How can I read from one HBase instance but write to another?

Tags:

hadoop

mapreduce

hbase

Currently I have two Hbase tables (lets call them tableA and tableB). Using a single stage MapReduce job the data in tableA is read processed and saved to tableB. Currently both tables reside on the same HBase cluster. However, I need to relocate tableB to its on cluster.

Is it possible to configure a single stage map reduce job in Hadoop to read and write from separate instances of HBase?

473

asked Apr 09 '15 19:04

slayton

1 Answers

It is possible, HBase's CopyTable MapReduce job does it by using TableMapReduceUtil.initTableReducerJob() which allows you to set an alternative quorumAddress in case you need to write to remote clusters:

public static void initTableReducerJob(String table, Class<? extends TableReducer> reducer, org.apache.hadoop.mapreduce.Job job, Class partitioner, String quorumAddress, String serverClass, String serverImpl)

quorumAddress - Distant cluster to write to; default is null for output to the cluster that is designated in hbase-site.xml.
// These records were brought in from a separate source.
(* Let $R$ be an associative ring with identity and $M$ a left $R$-module which is projective in $\sigma[M]$. Then $Nil_*(M)\subseteq Rad(M)$.
   Context: $\Lambda^{fi}(M)$ is the set of fully invariant submodules of $M$. For $N,L\leq M$, $N_ML=\sum\{f(N)\mid f\in\mathrm{Hom}_R(M,L)\}$. $Spec(\Lambda^{fi}(M))$ is the set of $Q\in\Lambda^{fi}(M)$, $Q\neq M$, such that for all $N,L\in\Lambda^{fi}(M)$, $N_ML\subseteq Q$ implies $N\subseteq Q$ or $L\subseteq Q$. The lowest radical of $M$ is $Nil_*(M)=\bigcap\{Q\mid Q\in Spec(\Lambda^{fi}(M))\}$. $Rad(M)$ is the Jacobson radical of $M$ (intersection of all maximal submodules). *)

From HB Require Import structures.
From Stdlib Require List.
From mathcomp Require Import all_boot all_algebra.
Set Implicit Arguments. Unset Strict Implicit. Unset Printing Implicit Defensive.
Import GRing.Theory.
Local Open Scope ring_scope.

(* Left R-modules are MathComp's [lmodType R] over an associative ring with
   identity [R : pzRingType]; R-homomorphisms M -> L are [{linear M -> L}].
   Submodules of M are predicates [M -> Prop]. *)

Section ModuleDefs.
Variable R : pzRingType.

Definition is_submod (M : lmodType R) (N : M -> Prop) : Prop :=
  N 0 /\ (forall x y, N x -> N y -> N (x + y)) /\
  (forall (r : R) x, N x -> N (r *: x)).

Definition subm (M : Type) (A B : M -> Prop) : Prop := forall x, A x -> B x.

Definition fully_invariant (M : lmodType R) (N : M -> Prop) : Prop :=
  is_submod N /\ forall (f : {linear M -> M}) x, N x -> N (f x).

(* N_M L = sum { f(N) | f in Hom_R(M, L) }, L <= M; the sum of submodules
   consists of the finite sums of their elements. *)
Definition prodM (M : lmodType R) (N L : M -> Prop) : M -> Prop :=
  fun x => exists s : seq ({linear M -> M} * M),
    (forall p, List.In p s -> (forall m, L (p.1 m)) /\ N p.2) /\
    x = \sum_(p <- s) p.1 p.2.

Definition fi_prime (M : lmodType R) (Q : M -> Prop) : Prop :=
  fully_invariant Q /\ (exists x, ~ Q x) /\
  forall N L : M -> Prop, fully_invariant N -> fully_invariant L ->
    subm (prodM N L) Q -> subm N Q \/ subm L Q.

Definition lowest_radical (M : lmodType R) : M -> Prop :=
  fun x => forall Q, fi_prime Q -> Q x.

Definition maximal_submod (M : lmodType R) (K : M -> Prop) : Prop :=
  is_submod K /\ (exists x, ~ K x) /\
  forall K' : M -> Prop, is_submod K' -> subm K K' ->
    subm K' K \/ (forall x, K' x).

Definition Rad (M : lmodType R) : M -> Prop :=
  fun x => forall K, maximal_submod K -> K x.

Definition M_generated (M L : lmodType R) : Prop :=
  forall y : L, exists s : seq ({linear M -> L} * M),
    y = \sum_(p <- s) p.1 p.2.

Definition in_sigma (M N : lmodType R) : Prop :=
  exists (L : lmodType R) (i : {linear N -> L}),
    M_generated M L /\ injective i.

Definition projective_in_sigma (M : lmodType R) : Prop :=
  in_sigma M M /\
  forall (N : lmodType R), in_sigma M N ->
  forall (L : lmodType R) (g : {linear N -> L}), (forall y : L, exists x : N, g x = y) ->
  forall f : {linear M -> L}, exists h : {linear M -> N},
    forall m, g (h m) = f m.
End ModuleDefs.

(* For a maximal submodule K of M, the largest fully invariant submodule
   contained in K, namely {y | f y ∈ K for every endomorphism f}, is a prime
   element of Λ^{fi}(M): if L ⊄ that core then K + L = M, so projectivity
   lifts the projection M → M/K along L → M/K to some e ∈ Hom(M, L), and every
   n in N satisfies n ≡ e n mod K with e n ∈ N_M L ⊆ K.  Hence Nil_*(M) lies in
   every maximal submodule. *)

From HB Require Import structures.
From mathcomp Require Import all_boot all_algebra.
From Stdlib Require Import Classical ClassicalEpsilon FunctionalExtensionality PropExtensionality.
Set Implicit Arguments. Unset Strict Implicit. Unset Printing Implicit Defensive.
Import GRing.Theory.
Local Open Scope ring_scope.

Section SubmoduleClosure.
Variables (R : pzRingType) (M : lmodType R) (K : M -> Prop).
Hypothesis hK : is_submod K.

Lemma submod0 : K 0.
Proof. by case: hK. Qed.

Lemma submodD x y : K x -> K y -> K (x + y).
Proof. by case: hK => _ [hD _]; apply: hD. Qed.

Lemma submodZ (r : R) x : K x -> K (r *: x).
Proof. by case: hK => _ [_ hZ]; apply: hZ. Qed.

Lemma submodN x : K x -> K (- x).
Proof. by rewrite -scaleN1r; apply: submodZ. Qed.

Lemma submodB x y : K x -> K y -> K (x - y).
Proof. by move=> Kx Ky; apply/submodD/submodN. Qed.

End SubmoduleClosure.

Section SubmoduleType.
Variables (R : pzRingType) (M : lmodType R) (L : M -> Prop).
Hypothesis hL : is_submod L.

Definition mem_submod : {pred M} :=
  fun x => if excluded_middle_informative (L x) then true else false.

Lemma mem_submodP x : reflect (L x) (x \in mem_submod).
Proof. by rewrite unfold_in /mem_submod; case: excluded_middle_informative; constructor. Qed.

Lemma mem_submod_closed : subsemimod_closed mem_submod.
Proof.
split; first split.
- exact/mem_submodP/(submod0 hL).
- by move=> x y /mem_submodP Lx /mem_submodP Ly; apply/mem_submodP/(submodD hL).
- by move=> r x /mem_submodP Lx; apply/mem_submodP/(submodZ hL).
Qed.

HB.instance Definition _ := GRing.isSubmodClosed.Build R M mem_submod mem_submod_closed.

(* The dummy [let] makes the type mention [hL], so that the instances below,
   which depend on [hL], can be found from the type alone. *)
Definition submod_type := let _ := hL in {x : M | x \in mem_submod}.
HB.instance Definition _ := [isSub of submod_type for @sval _ _].
HB.instance Definition _ := [Choice of submod_type by <:].
HB.instance Definition _ := [SubChoice_isSubLmodule of submod_type by <:].

Lemma submod_typeP (a : submod_type) : L (val a).
Proof. exact/mem_submodP/valP. Qed.

End SubmoduleType.

Section QuotientModule.
Variables (R : pzRingType) (M : lmodType R) (K : M -> Prop).
Hypothesis hK : is_submod K.

Definition coset_repr (x : M) : M := epsilon (inhabits 0) (fun y => K (x - y)).

Lemma coset_reprB x : K (coset_repr x - x).
Proof.
rewrite -opprB; apply/(submodN hK).
apply: (epsilon_spec (inhabits 0) (fun y => K (x - y))).
by exists x; rewrite subrr; apply: submod0.
Qed.

Lemma coset_repr_eq x y : K (x - y) -> coset_repr x = coset_repr y.
Proof.
move=> Kxy; rewrite /coset_repr; congr epsilon.
apply: functional_extensionality => z; apply: propositional_extensionality.
split=> [Kxz | Kyz].
  have -> : y - z = (x - z) - (x - y) by rewrite opprB [RHS]addrC addrA subrK.
  exact: submodB.
have -> : x - z = (x - y) + (y - z) by rewrite addrA subrK.
exact: submodD.
Qed.

Definition quotmod := let _ := hK in {x : M | coset_repr x == x}.
HB.instance Definition _ := Choice.on quotmod.

Lemma coset_repr_idem x : coset_repr (coset_repr x) == coset_repr x.
Proof. by apply/eqP/coset_repr_eq/coset_reprB. Qed.

Definition quot_pi (x : M) : quotmod := exist _ (coset_repr x) (coset_repr_idem x).

Lemma quot_pi_eq x y : quot_pi x = quot_pi y <-> K (x - y).
Proof.
split=> [/(congr1 sval) /= e | ]; last by move=> ?; apply/val_inj/coset_repr_eq.
have := submodB hK (coset_reprB y) (coset_reprB x).
by rewrite e opprB addrC addrA subrK.
Qed.

Lemma quot_piK (a : quotmod) : quot_pi (sval a) = a.
Proof. by apply: val_inj; case: a => x /= /eqP. Qed.

Lemma quot_ind (P : quotmod -> Prop) : (forall x, P (quot_pi x)) -> forall a, P a.
Proof. by move=> hP a; rewrite -(quot_piK a). Qed.

Definition quot_add (a b : quotmod) := quot_pi (sval a + sval b).
Definition quot_opp (a : quotmod) := quot_pi (- sval a).
Definition quot_scale (r : R) (a : quotmod) := quot_pi (r *: sval a).

Lemma quot_addE x y : quot_add (quot_pi x) (quot_pi y) = quot_pi (x + y).
Proof.
apply/quot_pi_eq; rewrite opprD addrACA.
exact/(submodD hK)/coset_reprB/coset_reprB.
Qed.

Lemma quot_oppE x : quot_opp (quot_pi x) = quot_pi (- x).
Proof. by apply/quot_pi_eq; rewrite -opprD; apply/(submodN hK)/coset_reprB. Qed.

Lemma quot_scaleE r x : quot_scale r (quot_pi x) = quot_pi (r *: x).
Proof. by apply/quot_pi_eq; rewrite -scalerBr; apply/(submodZ hK)/coset_reprB. Qed.

Lemma quot_addA : associative quot_add.
Proof. by elim/quot_ind=> x; elim/quot_ind=> y; elim/quot_ind=> z; rewrite !quot_addE addrA. Qed.

Lemma quot_addC : commutative quot_add.
Proof. by elim/quot_ind=> x; elim/quot_ind=> y; rewrite !quot_addE addrC. Qed.

Lemma quot_add0 : left_id (quot_pi 0) quot_add.
Proof. by elim/quot_ind=> x; rewrite quot_addE add0r. Qed.

Lemma quot_addN : left_inverse (quot_pi 0) quot_opp quot_add.
Proof. by elim/quot_ind=> x; rewrite quot_oppE quot_addE addNr. Qed.

HB.instance Definition _ :=
  GRing.isZmodule.Build quotmod quot_addA quot_addC quot_add0 quot_addN.

Lemma quot_piD x y : quot_pi x + quot_pi y = quot_pi (x + y).
Proof. exact: quot_addE. Qed.

Lemma quot_scaleA a b v : quot_scale a (quot_scale b v) = quot_scale (a * b) v.
Proof. by elim/quot_ind: v => x; rewrite !quot_scaleE scalerA. Qed.

Lemma quot_scale1 : left_id 1 quot_scale.
Proof. by elim/quot_ind=> x; rewrite quot_scaleE scale1r. Qed.

Lemma quot_scaleDr : right_distributive quot_scale +%R.
Proof.
move=> r; elim/quot_ind=> x; elim/quot_ind=> y.
by rewrite quot_piD !quot_scaleE quot_piD scalerDr.
Qed.

Lemma quot_scaleDl v : {morph quot_scale^~ v : a b / a + b}.
Proof. by elim/quot_ind: v => x a b; rewrite !quot_scaleE quot_piD scalerDl. Qed.

HB.instance Definition _ := GRing.Zmodule_isLmodule.Build R quotmod
  quot_scaleA quot_scale1 quot_scaleDr quot_scaleDl.

Lemma quot_pi_linear : linear quot_pi.
Proof. by move=> r x y; rewrite -quot_piD -quot_scaleE. Qed.

HB.instance Definition _ :=
  GRing.isLinear.Build R M quotmod *:%R quot_pi quot_pi_linear.

End QuotientModule.

Section FullyInvariantCore.
Variables (R : pzRingType) (M : lmodType R).

Definition fi_core (K : M -> Prop) : M -> Prop :=
  fun y => forall f : {linear M -> M}, K (f y).

Lemma fi_core_sub K : subm (fi_core K) K.
Proof. by move=> y /(_ idfun). Qed.

Lemma fi_core_fully_invariant K : is_submod K -> fully_invariant (fi_core K).
Proof.
move=> hK; split; [split; [|split] |].
- by move=> f; rewrite linear0; apply: submod0.
- by move=> x y Kx Ky f; rewrite linearD; apply: submodD.
- by move=> r x Kx f; rewrite linearZ; apply: submodZ.
- by move=> g x Kx f; apply: (Kx (f \o g)).
Qed.

Lemma fully_invariant_sub_fi_core N K :
  fully_invariant N -> subm N K -> subm N (fi_core K).
Proof. by move=> [_ fiN] sNK y Ny f; apply/sNK/fiN. Qed.

Lemma prodM_single (N L : M -> Prop) (e : {linear M -> M}) n :
  (forall m, L (e m)) -> N n -> prodM N L (e n).
Proof.
move=> Le Nn; exists [:: (e, n)]; split; last by rewrite big_seq1.
by move=> p [<- | []].
Qed.

End FullyInvariantCore.

Section SumOfSubmodules.
Variables (R : pzRingType) (M : lmodType R).

Definition submod_sum (K L : M -> Prop) : M -> Prop :=
  fun y => exists k a, K k /\ L a /\ y = k + a.

Lemma is_submod_sum K L : is_submod K -> is_submod L -> is_submod (submod_sum K L).
Proof.
move=> hK hL; split; last split.
- by exists 0, 0; rewrite addr0; split; [apply: submod0 | split; first apply: submod0].
- move=> _ _ [k [a [Kk [La ->]]]] [k' [a' [Kk' [La' ->]]]].
  exists (k + k'), (a + a'); rewrite addrACA.
  by split; [apply: submodD | split; first apply: submodD].
- move=> r _ [k [a [Kk [La ->]]]]; exists (r *: k), (r *: a); rewrite scalerDr.
  by split; [apply: submodZ | split; first apply: submodZ].
Qed.

Lemma maximal_submod_sum K L :
  maximal_submod K -> is_submod L -> ~ subm L K -> forall x, submod_sum K L x.
Proof.
move=> [hK [_ maxK]] hL nsLK.
have sKKL : subm K (submod_sum K L).
  by move=> y Ky; exists y, 0; rewrite addr0; split=> //; split=> //; apply: submod0.
case: (maxK _ (is_submod_sum hK hL) sKKL) => // sKLK; case: nsLK => a La.
by apply: sKLK; exists 0, a; rewrite add0r; split=> //; apply: submod0.
Qed.

End SumOfSubmodules.

Lemma in_sigma_inj (R : pzRingType) (M N N' : lmodType R) (i : {linear N' -> N}) :
  injective i -> in_sigma M N -> in_sigma M N'.
Proof.
by move=> inj_i [L [j [genL inj_j]]]; exists L, (j \o i); split=> //; apply: inj_comp.
Qed.

(* Lift the projection M -> M/K along the surjection L -> M/K. *)
Lemma projective_lift_to_summand (R : pzRingType) (M : lmodType R) (K L : M -> Prop) :
  projective_in_sigma M -> is_submod K -> is_submod L ->
  (forall x, submod_sum K L x) ->
  exists e : {linear M -> M}, (forall m, L (e m)) /\ (forall m, K (e m - m)).
Proof.
move=> [sigM projM] hK hL sumKL.
pose g : {linear submod_type hL -> quotmod hK} := quot_pi hK \o val.
have g_surj : forall q, exists a, g a = q.
  elim/quot_ind => x; have [k [a [Kk [La ->]]]] := sumKL x.
  have La' : a \in mem_submod L by apply/mem_submodP.
  exists (Sub a La' : submod_type hL); rewrite /g /=.
  by apply/quot_pi_eq; rewrite opprD addrCA subrr addr0; apply: submodN.
have sigL : in_sigma M (submod_type hL) by apply: in_sigma_inj sigM; apply: val_inj.
have [h gh] := projM _ sigL _ g g_surj (quot_pi hK).
exists (val \o h); split=> m; first exact: submod_typeP.
by apply/quot_pi_eq; rewrite -(gh m).
Qed.

Lemma fi_core_prime (R : pzRingType) (M : lmodType R) (K : M -> Prop) :
  projective_in_sigma M -> maximal_submod K -> fi_prime (fi_core K).
Proof.
move=> projM maxK; have [hK [[x0 nKx0] _]] := maxK.
split; first exact: fi_core_fully_invariant.
split; first by exists x0 => /fi_core_sub.
move=> N L fiN fiL sNLK.
have [sLK | nsLK] := classic (subm L (fi_core K)); [by right | left].
have nLK : ~ subm L K by move=> sLK; apply: nsLK; apply: fully_invariant_sub_fi_core.
have [e [Le Ke]] :=
  projective_lift_to_summand projM hK fiL.1 (maximal_submod_sum maxK fiL.1 nLK).
apply: fully_invariant_sub_fi_core => // n Nn.
have Ken : K (e n) := fi_core_sub (sNLK _ (prodM_single Le Nn)).
have -> : n = e n - (e n - n) by rewrite opprB addrC subrK.
exact: submodB.
Qed.

Theorem proposition4p38 (R : pzRingType) (M : lmodType R)
  (hM : @projective_in_sigma R M) :
  subm (@lowest_radical R M) (@Rad R M).
Proof.
move=> x Nilx K maxK.
exact: fi_core_sub (Nilx _ (fi_core_prime hM maxK)).
Qed.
Set this String to the zookeeper ensemble of an alternate remote cluster when you would have the reduce write a cluster that is other than the default; e.g. copying tables between clusters, the source would be designated by hbase-site.xml and this param would have the ensemble address of the remote cluster. The format to pass is particular. Pass :: such as server,server2,server3:2181:/hbase.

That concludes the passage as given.